(* Let $a, b \in \mathbb Z_g$ and let $1 \leq i < j \leq k$. Suppose that $\vec \theta \in \mathbb R^d$ and $\epsilon > 0$ have the property that for any pair of vectors $\vec x, \vec y \in (\mathbb Z_g)^k$, there are $z \in \mathbb Z$ and $\epsilon_1$ with $|\epsilon_1| < \epsilon$ such that $\vec \theta \cdot Z(\vec x) - \vec \theta \cdot Z(\vec y) = 2 \pi z + \epsilon_1$. Then there exists $\epsilon_2$ with $|\epsilon_2| < 2 \epsilon$ such that \[ \theta_{\{i,j\},a} + \theta_{\{i,j\},b} \equiv \theta_{\{i,j\},a+b} + \epsilon_2 \pmod{2 \pi},\] where the undefined value $\theta_{\{i,j\},0}$ is understood to be $0$.
   Context: Let $g\ge 2$, $k\ge 2$ be integers, $\mathbb Z_g$ the integers mod $g$, and $d=\binom{k}{2}(g-1)$. Index the coordinates of $\mathbb R^d$ by pairs $(\{i,j\},a)$ with $1\le i<j\le k$ and $a\in\mathbb Z_g\setminus\{0\}$. Define $Z:(\mathbb Z_g)^k\to\mathbb R^d$ by $[Z(\vec x)]_{\{i,j\},a}=1-1/g$ if $x_i-x_j=a$ and $-1/g$ otherwise. *)

From HB Require Import structures.
From mathcomp Require Import all_boot all_order all_algebra.
From mathcomp Require Import all_classical all_reals all_analysis.
Set Implicit Arguments. Unset Strict Implicit. Unset Printing Implicit Defensive.
Import Order.TTheory GRing.Theory Num.Theory.
Local Open Scope ring_scope.

(* Coordinates of R^d are indexed by ({i,j}, a) with i < j in 'I_k (0-based
   version of 1 <= i < j <= k) and a in Z_g \ {0}.  A vector theta in R^d is
   represented by a function theta : 'I_k -> 'I_k -> 'Z_g -> R, of which only
   the values with i < j and a != 0 are ever used. *)

Definition Zvec (R : realType) (g k : nat) (x : 'I_k -> 'Z_g)
  (i j : 'I_k) (a : 'Z_g) : R :=
  if x i - x j == a then 1 - (g%:R)^-1 else - (g%:R)^-1.

Definition dotZ (R : realType) (g k : nat) (theta : 'I_k -> 'I_k -> 'Z_g -> R)
  (x : 'I_k -> 'Z_g) : R :=
  \sum_(i : 'I_k) \sum_(j : 'I_k | (i < j)%N) \sum_(a : 'Z_g | a != 0)
     theta i j a * Zvec R x i j a.

Definition thetaz (R : realType) (g k : nat) (theta : 'I_k -> 'I_k -> 'Z_g -> R)
  (i j : 'I_k) (a : 'Z_g) : R :=
  if a == 0 then 0 else theta i j a.

From HB Require Import structures.
From mathcomp Require Import all_boot all_order all_algebra.
From mathcomp Require Import all_classical all_reals all_analysis.
From mathcomp Require Import ring lra.
Import Order.TTheory GRing.Theory Num.Theory.
Local Open Scope ring_scope.

(* Up to an additive constant, theta . Z(x) is the pairwise-interaction sum
   sum_{p<q} theta_{{p,q}, x_p - x_q}.  Take configurations x(s,t) that are
   zero except for x_i = s and x_j = t.  Every pair other than {i,j} sees
   only one of s, t, so it cancels in the mixed second difference of
   theta . Z(x(s,t)) over s in {a, 0}, t in {-b, 0}, leaving
   theta_{a+b} - theta_a - theta_b.  The hypothesis bounds each of the two
   first differences by eps modulo 2 pi. *)

Section PairwiseSums.

Context {V R : zmodType} {k : nat}.

Definition mixed_diff (h : V -> V -> R) (s s' t t' : V) : R :=
  h s t - h s t' - (h s' t - h s' t').

Lemma mixed_diff_sum (I : Type) (r : seq I) (P : pred I)
    (h : I -> V -> V -> R) s s' t t' :
  mixed_diff (fun s t => \sum_(n <- r | P n) h n s t) s s' t t'
  = \sum_(n <- r | P n) mixed_diff (h n) s s' t t'.
Proof. by rewrite /mixed_diff -!sumrB. Qed.

Lemma mixed_diff_const_l (h : V -> V -> R) s s' t t' :
  (forall s s' t, h s t = h s' t) -> mixed_diff h s s' t t' = 0.
Proof. by move=> hs; rewrite /mixed_diff (hs s s' t) (hs s s' t') subrr. Qed.

Lemma mixed_diff_const_r (h : V -> V -> R) s s' t t' :
  (forall s t t', h s t = h s t') -> mixed_diff h s s' t t' = 0.
Proof. by move=> ht; rewrite /mixed_diff (ht s t t') (ht s' t t') !subrr. Qed.

Definition pin2 (i j : 'I_k) (s t : V) : 'I_k -> V :=
  fun m => if m == i then s else if m == j then t else 0.

Definition pair_sum (f : 'I_k -> 'I_k -> V -> R) (x : 'I_k -> V) : R :=
  \sum_(p : 'I_k) \sum_(q : 'I_k | (p < q)%N) f p q (x p - x q).

Lemma mixed_diff_pair_sum (f : 'I_k -> 'I_k -> V -> R) (i j : 'I_k)
    s s' t t' : (i < j)%N ->
  mixed_diff (fun s t => pair_sum f (pin2 i j s t)) s s' t t'
  = mixed_diff (fun s t => f i j (s - t)) s s' t t'.
Proof.
move=> lt_ij; have ne_ji : j != i by rewrite neq_ltn lt_ij orbT.
rewrite mixed_diff_sum (bigD1 i) //= big1 ?addr0 => [|p ne_pi].
  rewrite mixed_diff_sum (bigD1 j) //= big1 ?addr0 => [|q /andP[lt_iq ne_qj]].
    by rewrite /pin2 eqxx (negbTE ne_ji) eqxx.
  have ne_qi : q != i by rewrite neq_ltn lt_iq orbT.
  by apply: mixed_diff_const_r => s1 t1 t2; rewrite /pin2 eqxx !(negbTE ne_qi)
    !(negbTE ne_qj).
rewrite mixed_diff_sum big1 // => q lt_pq.
have [eq_qi | ne_qi] := eqVneq q i.
  have ne_pj : p != j by rewrite neq_ltn (ltn_trans _ lt_ij) // -eq_qi.
  by apply: mixed_diff_const_r => s1 t1 t2; rewrite /pin2 eq_qi eqxx
    !(negbTE ne_pi) !(negbTE ne_pj).
by apply: mixed_diff_const_l => s1 s2 t1; rewrite /pin2 !(negbTE ne_pi)
  !(negbTE ne_qi).
Qed.

End PairwiseSums.

Section ThetaDotZ.

Context {R : realType} {g k : nat} (theta : 'I_k -> 'I_k -> 'Z_g -> R).

Lemma thetaz_sum_indicator (p q : 'I_k) (d : 'Z_g) :
  \sum_(c : 'Z_g | c != 0) theta p q c * (d == c)%:R = thetaz theta p q d.
Proof.
rewrite /thetaz; have [->|ne_d0] := eqVneq d 0.
  by rewrite big1 // => c ne_c0; rewrite eq_sym (negbTE ne_c0) mulr0.
rewrite (bigD1 d) //= eqxx mulr1 big1 ?addr0 // => c /andP[_ ne_cd].
by rewrite eq_sym (negbTE ne_cd) mulr0.
Qed.

Lemma dotZE (x : 'I_k -> 'Z_g) :
  dotZ theta x = pair_sum (thetaz theta) x
    - \sum_(p : 'I_k) \sum_(q : 'I_k | (p < q)%N)
        \sum_(c : 'Z_g | c != 0) theta p q c * (g%:R)^-1.
Proof.
rewrite /dotZ /pair_sum -sumrB; apply: eq_bigr => p _.
rewrite -sumrB; apply: eq_bigr => q _.
rewrite -thetaz_sum_indicator -sumrB; apply: eq_bigr => c _.
by rewrite /Zvec; case: eqP => _ /=; ring.
Qed.

Lemma mixed_diff_dotZ (i j : 'I_k) (s s' t t' : 'Z_g) : (i < j)%N ->
  mixed_diff (fun s t => dotZ theta (pin2 i j s t)) s s' t t'
  = mixed_diff (fun s t => thetaz theta i j (s - t)) s s' t t'.
Proof.
by move=> lt_ij; rewrite -mixed_diff_pair_sum // /mixed_diff !dotZE; ring.
Qed.

End ThetaDotZ.

Theorem lemma2p1 (R : realType) (g k : nat) (hg : (2 <= g)%N) (hk : (2 <= k)%N)
  (a b : 'Z_g) (i j : 'I_k) (hij : (i < j)%N)
  (theta : 'I_k -> 'I_k -> 'Z_g -> R) (eps : R) (heps : 0 < eps)
  (H : forall x y : 'I_k -> 'Z_g, exists (z : int) (eps1 : R),
        `|eps1| < eps /\
        dotZ theta x - dotZ theta y = 2 * pi * z%:~R + eps1) :
  exists eps2 : R, `|eps2| < 2 * eps /\
    exists z : int,
      thetaz theta i j a + thetaz theta i j b
      = thetaz theta i j (a + b) + eps2 + 2 * pi * z%:~R.
Proof.
have := mixed_diff_dotZ theta i j a 0 (- b) 0 hij.
(* [thetaz theta i j 0] computes to [0], so [subr0] also removes it. *)
rewrite /mixed_diff /= opprK !subr0 add0r.
have [z1 [e1 [he1 ->]]] := H (pin2 i j a (- b)) (pin2 i j a 0).
have [z2 [e2 [he2 ->]]] := H (pin2 i j 0 (- b)) (pin2 i j 0 0).
move=> second_diff; exists (e2 - e1); split.
  by apply: (le_lt_trans (ler_normB _ _)); lra.
exists (z2 - z1); rewrite rmorphB /= mulrBr; lra.
Qed.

____

→ **Work instructions**
In the entries above, find the line holding "Definition Zvec (R" and the line holding "From mathcomp Require Import ring lra."; print both of them and every line between, exactly, and nothing else.

→ **Written response**
Definition Zvec (R : realType) (g k : nat) (x : 'I_k -> 'Z_g)
  (i j : 'I_k) (a : 'Z_g) : R :=
  if x i - x j == a then 1 - (g%:R)^-1 else - (g%:R)^-1.

Definition dotZ (R : realType) (g k : nat) (theta : 'I_k -> 'I_k -> 'Z_g -> R)
  (x : 'I_k -> 'Z_g) : R :=
  \sum_(i : 'I_k) \sum_(j : 'I_k | (i < j)%N) \sum_(a : 'Z_g | a != 0)
     theta i j a * Zvec R x i j a.

Definition thetaz (R : realType) (g k : nat) (theta : 'I_k -> 'I_k -> 'Z_g -> R)
  (i j : 'I_k) (a : 'Z_g) : R :=
  if a == 0 then 0 else theta i j a.

From HB Require Import structures.
From mathcomp Require Import all_boot all_order all_algebra.
From mathcomp Require Import all_classical all_reals all_analysis.
From mathcomp Require Import ring lra.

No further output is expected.